This is hardly cut and dried. You may be able, for example, to use your Web analytics data for Repeat Visitors but not your data for New Visitors. Repeat Visitors are almost always repeat visitors, though not the full set of repeat visitors. "New" Visitors, on the other hand, are often returning to the site. Understanding the difference in quality is critical in understanding how you can use a metric - even a single metric like Visit Number. It may be much more usable for some values than others.
We also took up the topic of "trending" as a protection against data quality ideas. As I've written before, the assumption that trending is a protection against data quality issues is predicated on the presumption that data quality issues are distributed randomly. That may be the case, but it often isn't. A "trend" toward more first time visitors, for example, is quite as likely to be a measurement artifact of the shift to browsers that block 3rd Party cookies as it is to be a true site phenomenon. Trends can just as easily be evidence of data quality problems as protection against them.
Which brings me, finally, to the question of communication. Given that all data is at least somewhat bad and some data is too bad to use, how do we communicate potential issues around data quality without paralyzing the web analytics effort?
This probably could have been a Huddle topic unto itself. I've summarized the discussion everywhere and left off a great deal that what is valuable, but nowhere must I summarize more than here.
I thought one of the most important (and surprising) insights, was that an analyst had to be careful not to focus on data quality issues when first working with a team. In talking about this, many in the group felt that an analyst had to show that data could be used before given license to abuse it (verbally). We had some true hard-core practitioners in our group, and I think their advice is relevant not just to Web analysts but to ANY new member of a team.
Demonstrate your value before you start criticizing. Believe me, it makes a difference.
I shared one example of this from our practice. At Semphonic we almost always include a set of data quality and measurement infrastructure improvements in our analysis presentations. We put them at the end of deck (we start with Findings & Recommendations). So before we put in any data complaints or suggestions, we demonstrate real value from using the data. I think this goes a long way towards making the criticisms both credible and palatable.

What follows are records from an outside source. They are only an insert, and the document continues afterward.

(* The closure (in R^3) of the braid b b^*, where b^* = tau b tau has strands
   t |-> tau (b j t): first run through b (u in [0,1/2]), then b^*
   (u in [1/2,1]). *)
Definition closure_b_bstar {R : realType} (n : nat) (b : 'I_n -> R -> R * R)
    (tau : R * R -> R * R) : set (R * R * R) :=
  [set q | exists i u, 0 <= u <= 1 / 2 /\ q = torus_emb (b i (2 * u)) u] `|`
  [set q | exists j u, 1 / 2 <= u <= 1 /\ q = torus_emb (tau (b j (2 * u - 1))) u].

(* The closure is a knot: a single component, i.e. a nonempty connected set. *)
Definition is_knot {R : realType} (K : set (R * R * R)) : Prop :=
  K !=set0 /\ connected K.

Definition braid_perm {R : realType} (n : nat) (p : 'I_n -> R * R)
    (b : 'I_n -> R -> R * R) (s : {perm 'I_n}) : Prop :=
  forall i, b i 1 = p (s i).
Definition tau_perm {R : realType} (n : nat) (p : 'I_n -> R * R)
    (tau : R * R -> R * R) (t : {perm 'I_n}) : Prop :=
  forall i, tau (p i) = p (t i).

Definition is_ncycle (n : nat) (s : {perm 'I_n}) : Prop :=
  exists i, #|porbit s i| = n.

From HB Require Import structures.
From mathcomp Require Import all_boot all_order all_algebra all_fingroup.
From mathcomp Require Import all_classical all_reals all_analysis.
From mathcomp Require Import ring lra zify.
Unset Printing Implicit Defensive.
Import Order.TTheory GRing.Theory Num.Theory.
Import numFieldNormedType.Exports.

(* The closure of b b^* consists of the arcs of the strands of b, at levels
   [0, 1/2] of the solid torus, and of the arcs of the strands of tau b, at
   levels [1/2, 1].  The b-strand starting at p_i ends at level 1/2 where the
   tau b-strand starting at p_(h i) begins, with h = pi(b tau) = s t; the
   latter returns at level 1 = 0 to p_(h (h i)).  Grouping each b-arc with the
   tau b-arc that follows it gives n compact connected pieces; piece i meets
   piece h^2 i and meets no piece outside the h^2-orbit of i.  Hence the
   closure is connected iff h^2 is transitive, i.e. iff h is an n-cycle and n
   is odd (for even n the square of an n-cycle has two orbits). *)

Section PermOrbits.
Context {T : finType}.
Implicit Types (u : {perm T}) (x : T).
Local Open Scope group_scope.

Lemma perm_of_injective {U : Type} (p f : T -> U) :
  injective f -> (forall i, exists j, f i = p j) ->
  exists s : {perm T}, forall i, f i = p (s i).
Proof.
move=> f_inj /choice[g fg].
have g_inj : injective g by move=> i i' e; apply: f_inj; rewrite !fg e.
by exists (perm g_inj) => i; rewrite permE.
Qed.

Lemma expg_card_porbit u x k : (u ^+ (#|porbit u x| * k)%N) x = x.
Proof.
elim: k => [|k IHk]; first by rewrite muln0 expg0 perm1.
by rewrite mulnS expgD permM [(u ^+ #|porbit u x|) x]permX iter_porbit.
Qed.

Lemma card_porbit_le u x d : (0 < d)%N -> (u ^+ d) x = x -> (#|porbit u x| <= d)%N.
Proof.
move=> d_gt0 ux.
have periodic k : (u ^+ (d * k)%N) x = x.
  by elim: k => [|k IHk]; rewrite ?muln0 ?expg0 ?perm1 // mulnS expgD permM ux IHk.
have -> : porbit u x = [set (u ^+ k) x | k : 'I_d].
  apply/setP => y; apply/porbitP/imsetP => [[k ->]|[k _ ->]]; last by exists k.
  exists (Ordinal (ltn_pmod k d_gt0)) => //=.
  by rewrite {1}(divn_eq k d) expgD permM mulnC periodic.
by rewrite (leq_trans (leq_imset_card _ _)) // card_ord.
Qed.

Lemma porbit_expg2_setT u x :
  porbit (u ^+ 2) x = [set: T] <-> odd #|T| /\ porbit u x = [set: T].
Proof.
have sub : porbit (u ^+ 2) x \subset porbit u x.
  by apply/fintype.subsetP => y /porbitP[k ->]; rewrite -expgM mem_porbit.
have T_gt0 : (0 < #|T|)%N by apply/card_gt0P; exists x.
split=> [u2_full | [oddT u_full]].
  have u_full : porbit u x = [set: T].
    by apply/eqP; rewrite finset.eqEsubset finset.subsetT -u2_full.
  split=> //; apply: contraT => evenT.
  have halfT : #|T| = (#|T|./2).*2 by rewrite -[LHS]odd_double_half (negbTE evenT).
  have : (#|porbit (u ^+ 2) x| <= #|T|./2)%N.
    apply: card_porbit_le; first by rewrite -double_gt0 -halfT.
    by rewrite -expgM mul2n -halfT -{1}(cardsT T) -u_full -[X in u ^+ X]muln1 expg_card_porbit.
  by move: T_gt0; rewrite u2_full cardsT halfT; lia.
apply/eqP; rewrite finset.eqEsubset finset.subsetT /=; apply/fintype.subsetP => y _.
have /porbitP[k ->] : y \in porbit u x by rewrite u_full inE.
have cardu : #|porbit u x| = (#|T|./2).*2.+1.
  by rewrite u_full cardsT -[LHS]odd_double_half oddT.
rewrite -{1}(expg_card_porbit u x k) -permM -expgD cardu.
have -> : ((#|T|./2).*2.+1 * k + k = 2 * ((#|T|./2).+1 * k))%N by lia.
by rewrite expgM mem_porbit.
Qed.

End PermOrbits.

Lemma is_ncycleP {n} (u : {perm 'I_n}) i : is_ncycle u <-> porbit u i = [set: 'I_n].
Proof.
split=> [[j card_j] | u_full]; last by exists i; rewrite u_full cardsT card_ord.
have j_full : porbit u j = [set: 'I_n].
  by apply/eqP; rewrite finset.eqEcard finset.subsetT cardsT card_ord card_j /=.
by rewrite -j_full; apply/eqP; rewrite eq_porbit_mem j_full inE.
Qed.

Local Open Scope ring_scope.
Local Open Scope classical_set_scope.

Section ConnectedChain.
Context {T : topologicalType} {I : finType} {g : {perm I}} {Q : I -> set T}.
Hypotheses (Q_closed : forall i, closed (Q i)) (Q_connected : forall i, connected (Q i)).
Hypothesis Q_meet_next : forall i, Q i `&` Q (g i) !=set0.
Hypothesis Q_meet_porbit : forall i j, Q i `&` Q j !=set0 -> j \in porbit g i.

Lemma connected_bigcup_porbitP i0 :
  connected (\bigcup_i Q i) <-> porbit g i0 = [set: I]%SET.
Proof.
set C := \bigcup_i Q i.
have QC i : Q i `<=` C by move=> q Qq; exists i.
split=> [C_conn | g_full].
  pose O := porbit g i0.
  have O_closed i j q : i \in O -> Q i q -> Q j q -> j \in O.
    move=> iO Qiq Qjq; have /eqP <- : porbit g i == O by rewrite eq_porbit_mem.
    by apply: Q_meet_porbit; exists q.
  pose A := \bigcup_(i in [set i | i \in O]) Q i.
  pose B := \bigcup_(i in [set i | i \notin O]) Q i.
  have closedA : closed A by apply: closed_bigcup => //; exact: finite_finset.
  have closedB : closed B by apply: closed_bigcup => //; exact: finite_finset.
  have AB0 : A `&` B = set0.
    apply/seteqP; split=> // q [[i iO Qiq] [j jO Qjq]].
    by move: jO; rewrite /= (O_closed i j q).
  have sepAB : separated A B by rewrite /separated -(closure_id A).1 // -(closure_id B).1.
  have CAB : C `<=` A `|` B.
    by move=> q [i _ Qiq]; case: (boolP (i \in O)) => iO; [left|right]; exists i.
  case: (connected_subset sepAB CAB C_conn) => [CA | CB].
    apply/eqP; rewrite finset.eqEsubset finset.subsetT /=.
    apply/fintype.subsetP => j _; have [q [Qjq _]] := Q_meet_next j.
    by have [i iO Qiq] := CA q (QC j q Qjq); exact: O_closed Qiq Qjq.
  have [q [Qq _]] := Q_meet_next i0; have [i iO Qiq] := CB q (QC i0 q Qq).
  by move: iO; rewrite /= (O_closed i0 i q (porbit_id g i0) Qq Qiq).
have [q0 [Qq0 _]] := Q_meet_next i0.
have comp k : Q ((g ^+ k)%g i0) `<=` connected_component C q0.
  elim: k => [|k IHk]; first by rewrite expg0 perm1; exact: connected_component_max.
  have [r [Qr Qgr]] := Q_meet_next ((g ^+ k)%g i0).
  rewrite expgSr permM => q Qq; apply: connected_component_trans (IHk r Qr) _.
  by apply: (connected_component_max Qgr (QC _)) => //; exact: Q_connected.
have -> : C = connected_component C q0.
  apply/seteqP; split=> [q [j _ Qjq]|]; last exact: connected_component_sub.
  have /porbitP[k jk] : j \in porbit g i0 by rewrite g_full inE.
  by apply: (comp k); rewrite -jk.
exact: component_connected.
Qed.

End ConnectedChain.

Lemma within_continuous_comp_within {X Y Z : topologicalType} {A : set X} {B : set Y}
    {f : X -> Y} {g : Y -> Z} :
  f @` A `<=` B -> {within A, continuous f} -> {within B, continuous g} ->
  {within A, continuous (g \o f)}.
Proof.
move=> fAB /subspace_continuousP cf /subspace_continuousP cg.
have fB x : A x -> B (f x) by move=> Ax; apply: fAB; exists x.
apply/subspace_continuousP => x Ax W gW.
move: (cf x Ax _ (cg (f x) (fB x Ax) W gW)).
rewrite /within /= !nbhs_simpl => fW; apply: (@filterS _ (nbhs x) _ _ _ _ fW) => y fy Ay.
exact: fy Ay (fB y Ay).
Qed.

Lemma segment_image_compact {R : realType} {T : topologicalType} {f : R -> T} {a b : R} :
  {within `[a, b], continuous f} -> compact (f @` `[a, b]).
Proof. by move/continuous_compact; apply; exact: segment_compact. Qed.

Lemma segment_image_connected {R : realType} {T : topologicalType} {f : R -> T} {a b : R} :
  {within `[a, b], continuous f} -> connected (f @` `[a, b]).
Proof.
apply: connected_continuous_connected.
by apply/connected_intervalP; exact: interval_is_interval.
Qed.

Section TorusEmbedding.
Context {R : realType}.
Implicit Types (z : R * R) (u v : R).

Lemma torus_emb_cvg {T : Type} (F : set_system T) {FF : Filter F}
    (zf : T -> R * R) (uf : T -> R) z u :
  zf x @[x --> F] --> z -> uf x @[x --> F] --> u ->
  torus_emb (zf x) (uf x) @[x --> F] --> torus_emb z u.
Proof.
move=> zc uc.
have z1 : (zf x).1 @[x --> F] --> z.1 by apply: cvg_comp zc _; exact: cvg_fst.
have z2 : (zf x).2 @[x --> F] --> z.2 by apply: cvg_comp zc _; exact: cvg_snd.
have angle : 2 * pi * uf x @[x --> F] --> 2 * pi * u by exact: cvgM (cvg_cst _) uc.
have radius : 2 + (zf x).1 @[x --> F] --> 2 + z.1 by exact: cvgD (cvg_cst _) z1.
apply: (@cvg_pair _ _ _ F (nbhs _) (nbhs _) FF _ _ _ _ _ z2).
apply: (@cvg_pair _ _ _ F (nbhs _) (nbhs _) FF); apply: cvgM radius _.
  exact: cvg_comp angle (@continuous_cos R _).
exact: cvg_comp angle (@continuous_sin R _).
Qed.

Lemma torus_emb_within_continuous {A : set R} {zf : R -> R * R} {uf : R -> R} :
  {within A, continuous zf} -> continuous uf ->
  {within A, continuous (fun x => torus_emb (zf x) (uf x))}.
Proof.
move=> /subspace_continuousP zc uc; apply/subspace_continuousP => x Ax.
by apply: torus_emb_cvg; [exact: zc|exact: cvg_within_filter (uc x)].
Qed.

Lemma torus_emb1 z : torus_emb z 1 = torus_emb z 0.
Proof.
have two_pi : 2 * pi = pi *+ 2 :> R by rewrite mulr_natl.
by rewrite /torus_emb !mulr1 !mulr0 cos0 sin0 two_pi cos2pi sin2pi.
Qed.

Another key point was the vulnerability of trust in stakeholders. Presenting one obviously bad number can ruin an entire report or even an entire measurement effort. It doesn't matter if the number isn't your fault or isn't in your control. I've seen reports wrecked by the inclusion of, for example, panel data that simply wasn't reasonable for a given business. When stakeholders see one metric they know is wrong, they lose confidence in all the rest of the data. It's too late to start explaining the difference between panel data, opinion research data, and Web analytics data. As an analyst, your job is to understand that difference before you present and to decide whether the panel data (in this instance) is reflective of the actual business. If it isn't, it shouldn't have been in the report from the start. You can blame executives for not understanding these explanations, but when you've put obviously incorrect data in front of someone, the loss of their confidence is both deserved and difficult to repair. Believe me, we've all made this kind of mistake; I've know I've done it more often than I'd like to admit.

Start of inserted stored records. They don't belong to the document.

Lemma truthful_and a b : truthful a -> truthful b -> truthful (And a b).
Proof.
  intros Ha Hb S. pose proof (proj2_sig S) as HS. simpl.
  destruct (Ha S) as [-> ->], (Hb S) as [-> ->]. split; split.
  - intros [h1 h2]. apply (theory_mp2 _ a b); simpl; tauto.
  - intro h. split; apply (theory_mp1 _ (And a b)); simpl; tauto.
  - intros [h|h]; [apply (theory_mp1 _ (Neg a)) | apply (theory_mp1 _ (Neg b))]; simpl; tauto.
  - intro h. apply (theory_prime _ _ _ (Neg (And a b))); simpl; tauto.
Qed.

Lemma truthful_or a b : truthful a -> truthful b -> truthful (Or a b).
Proof.
  intros Ha Hb S. pose proof (proj2_sig S) as HS. simpl.
  destruct (Ha S) as [-> ->], (Hb S) as [-> ->]. split; split.
  - intros [h|h]; [apply (theory_mp1 _ a) | apply (theory_mp1 _ b)]; simpl; tauto.
  - intro h. apply (theory_prime _ _ _ (Or a b)); simpl; tauto.
  - intros [h1 h2]. apply (theory_mp2 _ (Neg a) (Neg b)); simpl; tauto.
  - intro h. split; apply (theory_mp1 _ (Neg (Or a b))); simpl; tauto.
Qed.

Lemma truthful_neg a : truthful a -> truthful (Neg a).
Proof.
  intros Ha S. pose proof (proj2_sig S) as HS. simpl.
  destruct (Ha S) as [-> ->]. split; [reflexivity|].
  split; intro h; [apply (theory_mp1 _ a) | apply (theory_mp1 _ (Neg (Neg a)))]; simpl; tauto.
Qed.

Lemma canon_imp_complete (S : world) a b :
  (forall V, canon_le S V -> th V a -> th V b) -> th S (Imp a b).
Proof.
  intro H. apply NNPP; intro Hn.
  assert (Hf : fsat (fun f => th S f \/ f = a) (fun f => f = b)).
  { intros l d Hl Hd. apply Forall_split in Hl as (l' & Hl' & I).
    destruct (proj2_sig S l' [Imp a b]) as (M & w & Hw & Hnw); [exact Hl' | auto |].
    apply Forall_inv, not_ver_imp in Hnw as (v & Hwv & Hva & Hvb).
    exists M, v. split.
    - apply (incl_Forall I). constructor; [exact Hva | exact (Forall_ver_up M w v l' Hwv Hw)].
    - eapply Forall_impl; [|exact Hd]. intros f ->. exact Hvb. }
  destruct (extend_fsat _ _ Hf) as (V & HV & HSV & HVb).
  apply (HVb b eq_refl), (H (exist _ V HV)); [intros f Hf'|]; apply HSV; auto.
Qed.

Lemma truthful_imp a b : truthful a -> truthful b -> truthful (Imp a b).
Proof.
  intros Ha Hb S. pose proof (proj2_sig S) as HS. split; split.
  - intro H. apply canon_imp_complete. intros V HSV HVa.
    apply (Hb V), H; [exact HSV | apply (Ha V), HVa].
  - intros H V HSV HVa. apply (Hb V). apply (Ha V) in HVa.
    apply (theory_mp2 _ (Imp a b) a); [exact (proj2_sig V) | apply HSV, H | exact HVa |].
    intros M w Hab Hwa. exact (Hab w (le_refl M w) Hwa).
  - simpl. rewrite (proj1 (Ha S)), (proj2 (Hb S)).
    intros [h1 h2]. apply (theory_mp2 _ a (Neg b)); simpl; tauto.
  - simpl. rewrite (proj1 (Ha S)), (proj2 (Hb S)).
    intro h. split; apply (theory_mp1 _ (Neg (Imp a b))); simpl; tauto.
Qed.

Lemma canon_R_iff a : truthful a -> forall V U,
  canon_R (fun S => ver canonical S a) (fun S => fal canonical S a) V U <->
  cond_sat a (th V) (th U).
Proof.
  intros Ha V U. split.
  - intros (A & HX & HY & H). apply (cond_sat_congr A); [| |exact H]; intros T HT;
      set (S := exist _ T HT : world).
    + exact (iff_trans (iff_sym (HX S)) (proj1 (Ha S))).
    + exact (iff_trans (iff_sym (HY S)) (proj2 (Ha S))).
  - intro H. exists a. split; [|split]; [apply Ha | apply Ha | exact H].
Qed.

Lemma canon_cond_complete (S : world) a b :
  (forall V U : world, canon_le S V -> cond_sat a (th V) (th U) -> th U b) -> th S (Cond a b).
Proof.
  intro H. apply NNPP; intro Hn.
  assert (Hf : fsat2 (cond_rel a) (th S) (fun _ => False) (fun _ => False) (fun f => f = b)).
  { intros lt lu dt du Ht Hu Hdt Hdu.
    apply Forall_False_nil in Hu, Hdt; subst lu dt.
    destruct (proj2_sig S lt [Cond a b]) as (M & w & Hw & Hnw); [exact Ht | auto |].
    apply Forall_inv, not_ver_cond in Hnw as (v & u & Hwv & Hvu & Hub).
    exists M, v, u. split; [exact Hvu|]. split; split; try constructor.
    - exact (Forall_ver_up M w v lt Hwv Hw).
    - eapply Forall_impl; [|exact Hdu]. intros f ->. exact Hub. }
  destruct (extend_fsat2 _ _ _ _ _ Hf) as (V & U & HVU & HSV & _ & _ & HUb).
  apply (HUb b eq_refl).
  exact (H (exist _ V (fsat2_theory_l _ _ _ HVU)) (exist _ U (fsat2_theory_r _ _ _ HVU))
           HSV HVU).
Qed.

Lemma canon_negcond_witness (S : world) a b :
  th S (Neg (Cond a b)) -> exists U : world, cond_sat a (th S) (th U) /\ th U (Neg b).
Proof.
  intro H.
  assert (Hf : fsat2 (cond_rel a) (th S) (fun f => f = Neg b)
                     (fun f => ~ th S f) (fun _ => False)).
  { intros lt lu dt du Ht Hu Hdt Hdu. apply Forall_False_nil in Hdu; subst du.
    destruct (proj2_sig S (Neg (Cond a b) :: lt) dt) as (M & w & Hw & Hdw);
      [constructor; assumption | exact Hdt |].
    apply Forall_cons_iff in Hw as [(u & Hwu & Hub) Hw].
    exists M, w, u. split; [exact Hwu|]. split; [split; assumption|]. split; [|constructor].
    eapply Forall_impl; [|exact Hu]. intros f ->. exact Hub. }
  destruct (extend_fsat2 _ _ _ _ _ Hf) as (V & U & HVU & HSV & HU & HVS & _).
  exists (exist _ U (fsat2_theory_r _ _ _ HVU)). split; [|apply HU; reflexivity].
  apply (fsat2_antitone _ _ _ _ _ _ _ _ _ HVU); auto.
Qed.

Lemma truthful_cond a b : truthful a -> truthful b -> truthful (Cond a b).
Proof.
  intros Ha Hb S. split; split.
  - intro H. apply canon_cond_complete. intros V U HSV HVU.
    apply (Hb U), (H V U HSV), canon_R_iff; assumption.
  - intros H V U HSV HVU. apply (Hb U). apply canon_R_iff in HVU; [|exact Ha].
    apply (cond_sat_cond a (th V) (th U) b HVU), HSV, H.
  - intros (U & HSU & HUb). apply canon_R_iff in HSU; [|exact Ha].
    apply (cond_sat_negcond a _ _ b HSU), (Hb U), HUb.
  - intro H. destruct (canon_negcond_witness S a b H) as (U & HSU & HUb).
    exists U. split; [apply canon_R_iff; assumption | apply (Hb U), HUb].
Qed.

Theorem truth A : truthful A.
Proof.
  induction A; auto using truthful_var, truthful_and, truthful_or, truthful_imp, truthful_neg,
    truthful_cond.
Qed.

Lemma not_conseq_of_fsat G D : fsat G D -> ~ conseq G D.
Proof.
  intros H Hc. destruct (extend_fsat G D H) as (T & HT & HG & HD).
  apply Hc. exists canonical, (exist _ T HT). split.
  - intros A HA. apply (truth A), HG, HA.
  - intros B HB Hv. apply (truth B) in Hv. exact (HD B HB Hv).
Qed.

Theorem corollary1 (Gamma Delta : form -> Prop) :
  ~ conseq Gamma Delta <->
  (forall Gamma' Delta' : form -> Prop,
     finite_subset Gamma' Gamma -> finite_subset Delta' Delta ->
     ~ conseq Gamma' Delta').
Proof.
  split.
  - intros H G' D' [_ HG] [_ HD] Hc. apply H. intros (M & w & H1 & H2).
    apply Hc. exists M, w. split; auto.
  - intro H. apply not_conseq_of_fsat. intros l d Hl Hd.
    rewrite Forall_forall in Hl, Hd.
    assert (Hfin : ~ conseq (fun f => In f l) (fun f => In f d)).
    { apply H; split; eauto; [exists l | exists d]; reflexivity. }
    apply NNPP in Hfin as (M & w & Hw & Hnw).
    exists M, w. split; apply Forall_forall; auto.
Qed.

All in all, it was a great discussion of the sort that is absolutely unique to X Change. Mix together a roomful of real practitioners, give them a topic to sink their teeth into, and you can hardly help having a great discussion. The group helped crystallize some of my thinking around data quality control from an analytical perspective, and I hope that my brief summary of the discussion will be equally beneficial.
We all live with less than perfect data. Sometimes we can find it, sometimes we can fix it, sometimes we can even use it. But as any analyst knows full well, it's all too easy to be deceived, to miss what's really important or to "find" what isn't there. By knowing where data quality issues are most likely to occur, understanding key sniff tests, knowing how to check data quality, and knowing when and when not to use bad data, we have a shot at finding something close to the truth!
Our biggest challenge with data integrity is lack of proper testing when data points are either introduced or maintenance is done to a page/functionality. I stress repeatedly (with limited success) the importance of testing. and it needs to be proper testing done by someone who understands what it is they are doing, not interns or temp help with little to no competent direction. I've seen far too many 'testers' assume that if data is showing up then it's working; visible data DOES NOT equal correct data. Just prior to reading this email I was asked for some data on some promo spots on our site, which after a cursory glance at Omnibug showed that each clickthru was being recorded twice. Easy to see if it had been tested beforehand instead of after the fact. Now I'm in the situation of trying to figure out if this data is at all usable: can I simply cut the numbers in half? When did this data duplication start? Is it happening in isolated enough instances where it won't distort the results enough to matter since the question being asked by the Marketing group is a very high level trending with no real definition of success measures?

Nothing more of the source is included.